Она взяла меня за руку и подвела к столу, налила два стакана вина и попросила с ней выпить. Я выпил. В конце-то концов, скучно в чужом городе! Она покраснела, глядя на меня. Ее взгляды шарили по моему лицу и телу. Она обнажила верхнюю часть моего туловища, а под столом положила свою горячую ногу на мою, пытаясь меня раздразнить.
Мне было жаль эту несчастную женщину — не более того! На ее лице был отпечаток горя и муки, как у тех фанатичек, которых можно увидеть на картинах. Их страсть бывает ужасна, мучительна; она разрывает им сердце и горит раскаленным углем в их жилах. Грех — это их душа, их сердце и смысл их жизни.
Она стала ползать по мне, как паук, чтобы опутать меня своими обнаженными руками. Но я не чувствовал к ней ничего, кроме отвращения и жалости.
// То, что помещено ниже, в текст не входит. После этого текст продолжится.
Lemma abs_moment_gt0 s p : 2 <= s -> is_density p -> second_moment_one p ->
  (0 < abs_moment s p)%E.
Proof.
move=> s2 hp hm; set t : R := 2^-1.
have t0 : 0 < t by rewrite invr_gt0 ltr0n.
have k0 : 0 <= t ^+ 2 / t `^ s by rewrite divr_ge0 ?sqr_ge0 ?powR_ge0.
have np := density_nonneg_measurable hp; have [mp [p0 ip]] := hp.
have nmx := nonneg_measurable_moment s np.
have nk := nonneg_measurableZ k0 nmx; have nt := nonneg_measurableZ (sqr_ge0 t) np.
have nmx2 : nonneg_measurable (fun x : R => x ^+ 2 * p x).
  by split=> [|x]; [exact: measurable_funM | rewrite mulr_ge0 ?sqr_ge0 ?p0].
have : (1 <= (t ^+ 2 / t `^ s)%:E * abs_moment s p + (t ^+ 2)%:E)%E.
  rewrite -hm -[X in (_ + X)%E]mule1 -ip -!ge0_integralZl_real ?sqr_ge0 //.
  rewrite -ge0_integralD_real //.
  apply: (le_integral_ge0_real mu nmx2.1 (nonneg_measurableD nk nt)).
  by move=> x; rewrite mulrA -mulrDl ler_wpM2r ?sqr_le_powR.
have M0 : (0 <= abs_moment s p)%E.
  by apply: integral_ge0 => x _; rewrite lee_fin nmx.2.
move=> le1; rewrite lt_neqAle M0 andbT; apply/eqP => M00.
by move: le1; rewrite -M00 mule0 add0e lee_fin /t expr2; lra.
Qed.

Definition relent_bound (s T t a b m : R) : R :=
  (1 + tail_coef * t ^+ 2) * a + (2 + sqrt2pi * expR (T ^+ 2 / 2)) * b ^+ 2
  + (2 / sqrt2pi + tail_coef * t ^+ 2) * (expR (- (T ^+ 2) / 2) * 2)
  + tail_coef * (t ^+ 2 / t `^ s) * m.

Lemma Dgauss_le_relent_bound p s T t a b m : 2 <= s -> is_density p -> 1 <= T -> 0 < t ->
  Lq_dist 1 p = a%:E -> Lq_dist 2 p = b%:E -> abs_moment s p = m%:E ->
  (Dgauss p <= (relent_bound s T t a b m)%:E)%E.
Proof.
move=> s2 hp T1 t0 La Lb Mm; have np := density_nonneg_measurable hp; have [mp p0] := np.
have tc0 := @tail_coef_ge0 R; have t2 := sqr_ge0 t.
have c1 : 0 <= 1 + tail_coef * t ^+ 2 := addr_ge0 ler01 (mulr_ge0 tc0 t2).
have c2 : 0 <= 2 + sqrt2pi * expR (T ^+ 2 / 2).
  exact: addr_ge0 (ler0n _ 2) (mulr_ge0 (ltW sqrt2pi_gt0) (expR_ge0 _)).
have c3 : 0 <= 2 / sqrt2pi + tail_coef * t ^+ 2.
  exact: addr_ge0 (divr_ge0 (ler0n _ 2) (ltW sqrt2pi_gt0)) (mulr_ge0 tc0 t2).
have c4 : 0 <= tail_coef * (t ^+ 2 / t `^ s) := mulr_ge0 tc0 (divr_ge0 t2 (powR_ge0 _ _)).
have n1 := nonneg_measurable_abs_dist mp; have n2 := nonneg_measurable_sqr_dist mp.
have n3 := nonneg_measurableZ (expR_ge0 (- (T ^+ 2) / 2)) (nonneg_measurable_normal_pair T).
have n4 := nonneg_measurable_moment s np.
have n1' := nonneg_measurableZ c1 n1; have n2' := nonneg_measurableZ c2 n2.
have n3' := nonneg_measurableZ c3 n3; have n4' := nonneg_measurableZ c4 n4.
have n12 := nonneg_measurableD n1' n2'; have n123 := nonneg_measurableD n12 n3'.
have nmaj := nonneg_measurableD n123 n4'.
apply: le_trans (le_integral_ge0_real mu (measurable_relent mp) nmaj _) _.
  by move=> x; exact: relent_le_majorant.
have Ib : (\int[mu]_x ((p x - phi x) ^+ 2)%:E = (b ^+ 2)%:E)%E.
  have b0 : 0 <= b by rewrite -lee_fin -Lb Lnorm_ge0.
  by rewrite -Lq_dist2E Lb poweR_EFin powR_mulrn.
rewrite !ge0_integralD_real //.
rewrite (ge0_integralZl_real mu c1 n1) (ge0_integralZl_real mu c2 n2).
rewrite (ge0_integralZl_real mu c3 n3) (ge0_integralZl_real mu c4 n4).
rewrite ge0_integralZl_real ?expR_ge0 //; last exact: nonneg_measurable_normal_pair.
rewrite -Lq_dist1E La Ib integral_normal_pair -/(abs_moment s p) Mm.
by rewrite -!EFinM -!EFinD.
Qed.

Lemma Lq_dist_abs_moment_EFin s p : 2 <= s -> is_density p -> second_moment_one p ->
  (abs_moment s p < +oo)%E -> (Lq_dist 2 p <= 1)%E ->
  exists a b m : R, [/\ Lq_dist 1 p = a%:E, Lq_dist 2 p = b%:E & abs_moment s p = m%:E]
    /\ [/\ 0 <= a, 0 <= b, b <= 1 & 0 < m].
Proof.
move=> s2 hp hm Mfin L2le1.
have L1ge0 := Lnorm_ge0 mu 1%:E (fun x => (p x - phi x)%:E).
have L2ge0 := Lnorm_ge0 mu 2%:E (fun x => (p x - phi x)%:E).
have Mgt0 := abs_moment_gt0 s2 hp hm.
have L1fin : Lq_dist 1 p \is a fin_num.
  by rewrite ge0_fin_numE // (le_lt_trans (Lq_dist1_le2 hp)) ?ltry.
have L2fin : Lq_dist 2 p \is a fin_num.
  by rewrite ge0_fin_numE // (le_lt_trans L2le1) ?ltry.
have {}Mfin : abs_moment s p \is a fin_num by rewrite ge0_fin_numE // ltW.
exists (fine (Lq_dist 1 p)), (fine (Lq_dist 2 p)), (fine (abs_moment s p)).
by rewrite !fineK // -!lee_fin -lte_fin !fineK.
Qed.

End relative_entropy.

Section scaling.
Variable R : realType.
Implicit Types a b m s t u w T : R.

Definition relent_C1 : R := 3 + sqrt2pi * expR 2^-1 + 4 / sqrt2pi.
Definition relent_C2 : R := 4 * tail_coef.

Lemma relent_C1_gt0 : 0 < relent_C1.
Proof.
have s0 := ltW (@sqrt2pi_gt0 R).
have := mulr_ge0 s0 (expR_ge0 2^-1); have := divr_ge0 (ler0n R 4) s0.
rewrite /relent_C1; lra.
Qed.

Lemma relent_C2_gt0 : 0 < relent_C2.
Proof. by rewrite /relent_C2 mulr_gt0 ?ltr0n // ltr_pwDl ?invr_gt0 ?ltr0n. Qed.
Язон передохнул и сменил тон;
— Вы думаете, я праведник, я святой и живу только с такими женщинами, которые заслуживают серьезного чувства. Глупо было бы так говорить. Можно встретить одну или двух женщин, которые могут любить, ну, может быть, можно встретить трех, у которых сердце создано для любви. Но когда мне хочется согрешить, я иду в бордель, выбираю одну из этих гулящих, которые стали распущенными и распутными из-за голода и нужды, но не такую, которой еще в материнской утробе суждено было стать проституткой и отдаваться множеству мужчин.
«Язон, я тебя люблю!» — и она обвилась вокруг меня своим полунагим телом, как змея, и прижалась ко мне с полузакрытыми глазами, кусая свои губы от похоти и страсти. Она видела и чувствовала мою холодность и была просто в отчаянии. Но отчаяние еще сильнее пробуждало в ней желание греха.
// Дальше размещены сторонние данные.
Lemma pert_op_norm d n y : pnorm2 d (pert_op n y) <= coef_size n * pnorm2 d y.
Proof.
  unfold pnorm2, pert_op, coef_size; simpl.
  pose proof (pnorm_add d (pmul_affine (a1 n) (b1 n) (fst y)) (pmul_affine (a2 n) (b2 n) (snd y))).
  pose proof (pnorm_add d (pmul_affine (a3 n) (b3 n) (fst y)) (pmul_affine (a4 n) (b4 n) (snd y))).
  pose proof (pnorm_mul_affine d (a1 n) (b1 n) (fst y)). pose proof (pnorm_mul_affine d (a2 n) (b2 n) (snd y)).
  pose proof (pnorm_mul_affine d (a3 n) (b3 n) (fst y)). pose proof (pnorm_mul_affine d (a4 n) (b4 n) (snd y)).
  pose proof (pnorm_nonneg d (fst y)). pose proof (pnorm_nonneg d (snd y)).
  pose proof (Cmod_ge_0 (a1 n)). pose proof (Cmod_ge_0 (a2 n)). pose proof (Cmod_ge_0 (a3 n)).
  pose proof (Cmod_ge_0 (a4 n)). pose proof (Cmod_ge_0 (b1 n)). pose proof (Cmod_ge_0 (b2 n)).
  pose proof (Cmod_ge_0 (b3 n)). pose proof (Cmod_ge_0 (b4 n)). nra.
Qed.

Lemma transfer_op_norm d n y : pnorm2 d (transfer_op n y) <= (1 + coef_size n) * pnorm2 d y.
Proof.
  unfold transfer_op, padd2, pnorm2 at 1; cbn [fst snd free_op].
  pose proof (pnorm_add d (pmulX2 (fst y)) (fst (pert_op n y))).
  pose proof (pnorm_add d (snd y) (snd (pert_op n y))).
  pose proof (pert_op_norm d n y). pose proof (pnorm_mulX2 d (fst y)).
  unfold pnorm2 in *. nra.
Qed.

Lemma transfer_prod_norm_exp d m k y :
  pnorm2 d (transfer_prod m k y) <= exp (rsum (fun i => coef_size (m + Z.of_nat i)%Z) k) * pnorm2 d y.
Proof.
  revert m. induction k as [|k IH]; intros m; simpl; [rewrite exp_0; lra|].
  assert (Hs : rsum (fun i => coef_size (m + Z.of_nat i)%Z) (S k)
               = coef_size m + rsum (fun i => coef_size (m + 1 + Z.of_nat i)%Z) k).
  { clear IH. induction k as [|k IHk]; [simpl; replace (m + 0)%Z with m by lia; ring|].
    change (rsum (fun i => coef_size (m + Z.of_nat i)%Z) (S (S k)))
      with (rsum (fun i => coef_size (m + Z.of_nat i)%Z) (S k) + coef_size (m + Z.of_nat (S k))%Z).
    rewrite IHk. simpl. replace (m + 1 + Z.of_nat k)%Z with (m + Z.pos (Pos.of_succ_nat k))%Z by lia. ring. }
  simpl in Hs. rewrite Hs, exp_plus.
  pose proof (IH (m + 1)%Z). pose proof (coef_size_nonneg m).
  assert (1 + coef_size m <= exp (coef_size m)).
  { destruct (Req_dec (coef_size m) 0) as [E|E]; [rewrite E, exp_0; lra|]. pose proof (exp_ineq1 _ E). lra. }
  pose proof (pnorm2_nonneg d (transfer_prod (m + 1) k y)). pose proof (exp_pos (coef_size m)).
  eapply Rle_trans; [apply transfer_op_norm|].
  apply Rle_trans with (exp (coef_size m) * pnorm2 d (transfer_prod (m + 1) k y)); [apply Rmult_le_compat_r; auto|].
  rewrite Rmult_assoc. apply Rmult_le_compat_l; lra.
Qed.

Lemma transfer_prod_norm d m k y : pnorm2 d (transfer_prod m k y) <= growth_bound * pnorm2 d y.
Proof.
  eapply Rle_trans; [apply transfer_prod_norm_exp|].
  apply Rmult_le_compat_r; [apply pnorm2_nonneg|].
  destruct (rsum_coef_size_le m k) as [H|H]; [left; apply exp_increasing; auto|rewrite H; unfold growth_bound; lra].
Qed.

Lemma transfer_prod_last m k y :
  transfer_prod m (S k) y = transfer_prod m k (transfer_op (m + Z.of_nat k)%Z y).
Proof.
  revert m. induction k as [|k IH]; intros m; [simpl; replace (m + 0)%Z with m by lia; auto|].
  change (transfer_prod m (S (S k)) y) with (transfer_op m (transfer_prod (m + 1)%Z (S k) y)).
  rewrite IH. simpl. do 3 f_equal. lia.
Qed.

Lemma transfer_op_add n y w : transfer_op n (padd2 y w) = padd2 (transfer_op n y) (transfer_op n w).
Proof.
  destruct y as [y1 y2], w as [w1 w2].
  unfold transfer_op, padd2, free_op, pert_op, pmul_affine, padd, pscal, pmulX2; simpl.
  f_equal; apply functional_extensionality; intros [|[|k]]; ring.
Qed.

Lemma transfer_prod_add m k y w :
  transfer_prod m k (padd2 y w) = padd2 (transfer_prod m k y) (transfer_prod m k w).
Proof. revert m. induction k; intros m; simpl; auto. rewrite IHk. apply transfer_op_add. Qed.

Lemma free_op_e2 : free_op e2 = e2.
Proof. unfold free_op, e2; simpl. f_equal. apply functional_extensionality; intros [|[|[|k]]]; reflexivity. Qed.

(* The coefficients of [snd (transfer_iter (-N) (2N+1) (0, 1) z)], a polynomial in [z]. *)
Definition approx_poly (N : nat) : poly := snd (transfer_prod (- Z.of_nat N) (2 * N + 1) e2).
Она опустилась передо мной на колени и молила меня, прижимая мои ноги к своим горячим грудям, обнимая мои ноги своими горячими руками.
Я был раздосадован тем, что пошел в этот отель; в конце концов, она тоже человек, который заслуживает сочувствия…
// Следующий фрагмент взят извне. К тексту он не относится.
Lemma coef_prod_XsubC_rev s k : (k <= size s)%N ->
  (\prod_(z <- s) ('X - z%:P))`_(size s - k) = (rprod s)`_k.
Proof.
elim: s k => [|z s IH] k hk.
  by rewrite /rprod !big_nil; move: hk; rewrite leqn0 => /eqP ->.
rewrite big_cons rprod_cons coef_mul_lin mulrBl coefB coefXM coefCM /=.
case: k hk => [|k] hk.
  by rewrite subn0 /= -IH // subn0 [_`_(size s).+1]nth_default ?size_prod_XsubC ?mulr0.
rewrite subSS; case: (ltngtP k (size s)) => hks; last 1 first.
- by rewrite hks subnn /= coef_rprod_gt // -IH // subnn.
- rewrite -!IH ?(ltnW hks) // subnS.
  by have -> : (size s - k == 0)%N = false by rewrite subn_eq0 leqNgt hks.
- by move: hk; rewrite /= ltnS leqNgt hks.
Qed.

End ReciprocalProduct.

Section EvenProducts.
Variable R : comNzRingType.

Lemma prod_XsubC_opp (x : R) : ('X - x%:P) * ('X - (- x)%:P) = 'X^2 - (x ^+ 2)%:P.
Proof. by rewrite polyCN polyC_exp; ring. Qed.

Lemma prod_XsubC_opp_pairs (a : seq R) :
  \prod_(z <- a ++ map (fun x => - x) a) ('X - z%:P)
  = \prod_(x <- a) ('X^2 - (x ^+ 2)%:P).
Proof.
transitivity (\prod_(x <- a) (('X - x%:P) * ('X - (- x)%:P))).
  by rewrite big_split big_cat big_map.
by apply: eq_bigr => x _; rewrite prod_XsubC_opp.
Qed.

Lemma coef_prod_X2_odd (a : seq R) i :
  odd i -> (\prod_(x <- a) ('X^2 - (x ^+ 2)%:P))`_i = 0.
Proof.
elim: a i => [|x a IH] i oi; first by rewrite big_nil coef1; case: i oi.
rewrite big_cons mulrBl coefB coefXnM coefCM (IH i oi) mulr0 subr0.
by case: ltnP => // hi2; apply: IH; rewrite oddB // oi.
Qed.

End EvenProducts.

Section PairStep.
Variable R : realFieldType.
Implicit Types (r : nat -> R) (b c M : R).

(* The effect on the signed coefficients r_k of multiplying by the factor of
   one more root pair with moduli b <= c (see [scoef_pair] below). *)
Definition pair_step b c r (k : nat) : R :=
  match k with
  | 0 => r 0
  | 1 => r 1 + (c - b) * r 0
  | j.+2 => r j.+2 + (c - b) * (if odd j then r j.+1 else - r j.+1) + b * c * r j
  end.

(* The invariant for the signed coefficients of a product of m pairs whose
   moduli are at most M; [strict] records that some pair is unbalanced. *)
Definition sign_invariant r (m : nat) M (strict : bool) : Prop :=
  [/\ forall k, 0 <= r k,
      forall k, (k <= 2 * m)%N -> ~~ odd k -> 0 < r k,
      forall k, odd k -> r k <= M * r k.-1 &
      strict -> (0 < m)%N /\ forall k, odd k -> (k < 2 * m)%N -> 0 < r k].

Lemma eq_sign_invariant r1 r2 m M strict : r1 =1 r2 ->
  sign_invariant r1 m M strict -> sign_invariant r2 m M strict.
Proof.
move=> E [h1 h2 h3 h4]; split=> [k|k hk ok|k ok|/h4 [m0 h]]; rewrite -?E.
- exact: h1.
- exact: h2.
- exact: h3.
- by split=> // k ok hk; rewrite -E; apply: h.
Qed.

Variables (r : nat -> R) (m : nat) (M b c : R) (strict : bool).
Hypotheses (Hr : sign_invariant r m M strict) (HMb : M <= b) (Hb : 0 < b) (Hbc : b <= c).
Let r' := pair_step b c r.

(* Even indices: the bound r_(j+1) <= b r_j absorbs the negative middle term. *)
Lemma pair_step_even j : ~~ odd j -> r j.+2 + b * b * r j <= r' j.+2.
Proof.
case: Hr => r_ge0 _ r_odd _ oj; rewrite /r' /= (negbTE oj).
have h : r j.+1 <= b * r j.
  by apply: le_trans (r_odd j.+1 _) _; rewrite /= ?oj // ler_wpM2r.
have := r_ge0 j; have : (c - b) * r j.+1 <= (c - b) * (b * r j).
  by rewrite ler_wpM2l // subr_ge0.
nra.
Qed.

Lemma pair_step_odd j : odd j -> r' j.+2 = r j.+2 + (c - b) * r j.+1 + b * c * r j.
Proof. by move=> oj; rewrite /r' /= oj. Qed.

Lemma pair_step_ge0 k : 0 <= r' k.
Proof.
case: Hr => r_ge0 _ _ _.
have cb : 0 <= c - b by rewrite subr_ge0.
case: k => [|[|j]]; first exact: r_ge0.
  by rewrite /r' /=; have := r_ge0 1%N; have := r_ge0 0%N; nra.
case: (boolP (odd j)) => oj; last first.
  by have := pair_step_even oj; have := r_ge0 j; have := r_ge0 j.+2; nra.
have c_ge0 : 0 <= c by apply: le_trans Hbc; exact: ltW.
by rewrite pair_step_odd // !addr_ge0 // !mulr_ge0 // ltW.
Qed.

Lemma pair_step_even_gt0 k : (k <= 2 * m.+1)%N -> ~~ odd k -> 0 < r' k.
Proof.
case: Hr => r_ge0 r_even _ _.
case: k => [|[|j]] hk ok //; first exact: r_even.
rewrite /= negbK in ok; apply: lt_le_trans (pair_step_even ok).
have : 0 < b * b * r j by rewrite !mulr_gt0 // r_even //; lia.
by have := r_ge0 j.+2; lra.
Qed.

Lemma pair_step_odd_le k : odd k -> r' k <= c * r' k.-1.
Proof.
case: Hr => r_ge0 _ r_odd _.
case: k => [|[|[|i]]] ok //=.
  rewrite /r' /=; have := r_odd 1%N isT.
  have : M * r 0%N <= b * r 0%N by rewrite ler_wpM2r.
  lra.
rewrite /= negbK in ok; rewrite ok (negbTE ok).
have h3 : r i.+3 <= b * r i.+2.
  by apply: le_trans (r_odd i.+3 _) _; rewrite /= ?ok // ler_wpM2r.
have h1 : r i.+1 <= b * r i.
  by apply: le_trans (r_odd i.+1 _) _; rewrite /= ?ok // ler_wpM2r.
have : c * c * r i.+1 <= c * c * (b * r i) by rewrite ler_wpM2l //; nra.
nra.
Qed.

(* Odd coefficients become positive once some pair is unbalanced: through
   the term (c - b) r_(k-1) for the new pair, through r_k or b c r_(k-2)
   for an earlier one. *)
Lemma pair_step_strict : strict || (b < c) ->
  (0 < m.+1)%N /\ forall k, odd k -> (k < 2 * m.+1)%N -> 0 < r' k.
Proof.
case: Hr => r_ge0 r_even _ r_strict /orP hs; split => // -[|[|j]] // ok hk.
- have r0_gt0 := r_even 0%N (leq0n _) isT.
  rewrite /r' /=; have := r_ge0 1%N; case: hs => [/r_strict [m0 h]|hbc].
    have := h 1%N isT (ltac:(lia)).
    have : 0 <= (c - b) * r 0%N by rewrite mulr_ge0 ?subr_ge0 // ltW.
    lra.
  have : 0 < (c - b) * r 0%N by rewrite mulr_gt0 ?subr_gt0.
  lra.
- rewrite /= negbK in ok; rewrite pair_step_odd //.
  have c_gt0 : 0 < c by apply: lt_le_trans Hbc.
  have := r_ge0 j.+2; case: hs => [/r_strict [m0 h]|hbc].
    have : 0 < b * c * r j by rewrite !mulr_gt0 // h //; lia.
    have : 0 <= (c - b) * r j.+1 by rewrite mulr_ge0 ?subr_ge0.
    lra.
  have : 0 < (c - b) * r j.+1.
    by rewrite mulr_gt0 ?subr_gt0 // r_even //= ?ok //; lia.
  have : 0 <= b * c * r j by rewrite !mulr_ge0 // ltW.
  lra.
Qed.

Lemma sign_invariant_step : sign_invariant r' m.+1 c (strict || (b < c)).
Proof.
split; [exact: pair_step_ge0 | exact: pair_step_even_gt0 | exact: pair_step_odd_le |].
exact: pair_step_strict.
Qed.

End PairStep.

Section RootsToSigns.
Variable R : realFieldType.
Implicit Types (s : seq R) (G : {poly R}) (e u w : R).

(* Signed coefficients, normalised to be nonnegative under the expected
   sign pattern e^k psign(k). *)
Definition scoef e G (k : nat) : R := e ^+ k * psign R k * G`_k.

Lemma scoef_pair e G u w k :
  scoef e (G * (1 - u *: 'X) * (1 - w *: 'X)) k
  = pair_step (e * u) (- (e * w)) (scoef e G) k.
Proof.
rewrite /scoef; case: k => [|[|j]] /=; rewrite !coef_mul_lin ?mulr0 ?subr0 //.
  by rewrite /psign /=; ring.
by rewrite psignSS psignS !exprS; case: (odd j); ring.
Qed.

Definition modulus_sorted s := sorted (fun x y : R => `|x| <= `|y|) s.

Definition alternating e s := forall i, (i < size s)%N -> 0 < e * (-1) ^+ i * s`_i.

Lemma modulus_sorted_last_pair s u w : modulus_sorted (s ++ [:: u; w]) ->
  [/\ modulus_sorted s, `|last 0 s| <= `|u| & `|u| <= `|w|].
Proof.
case: s => [|x s]; first by rewrite /modulus_sorted /= normr0 normr_ge0 andbT.
by rewrite /modulus_sorted /= cat_path /= => /and4P [-> -> ->].
Qed.

Lemma alternating_last_pair e s u w : ~~ odd (size s) ->
  alternating e (s ++ [:: u; w]) -> [/\ alternating e s, 0 < e * u & 0 < - (e * w)].
Proof.
move=> es alt; have sz : size (s ++ [:: u; w]) = (size s).+2 by rewrite size_cat addn2.
split.
- by move=> i hi; have := alt i; rewrite nth_cat hi; apply; lia.
- have := alt (size s) (ltac:(lia)).
  by rewrite nth_cat ltnn subnn -signr_odd (negbTE es) mulr1.
- have := alt (size s).+1 (ltac:(lia)).
  by rewrite nth_cat ltnNge leqnSn subSn // subnn -signr_odd /= (negbTE es) mulrN1 mulNr.
Qed.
Я начал лучше понимать Язона и только теперь увидел, что, несмотря на его мощные мускулы, на его лице всегда разлито задумчивое, нежное выражение.
— Эта сцена длилась около часа. Она лежала и рыдала у моих коленей, а потом, потеряв всякое чувство стыда, начала срывать с себя одежду и осталась наконец передо мной совершенно голой, в чем мать родила. Она принялась танцевать, вертеться и прыгать. Потом опять припала к моим ногам и начала горько плакать, как глубоко несчастный человек.
Меня охватила жалость к ней, но я не мог преодолеть своего отвращения. Так она десять минут просидела и проплакала у моих ног. Потом сразу встала, подошла к столу, вытащила стодолларовую купюру и стыдливо, с опущенными глазами, бросила ее мне в руки.
Думаете, она оскорбила меня, бросив мне деньги? Нет, вы ошибаетесь, если вы так думаете! Я почувствовал к ней еще большее сострадание.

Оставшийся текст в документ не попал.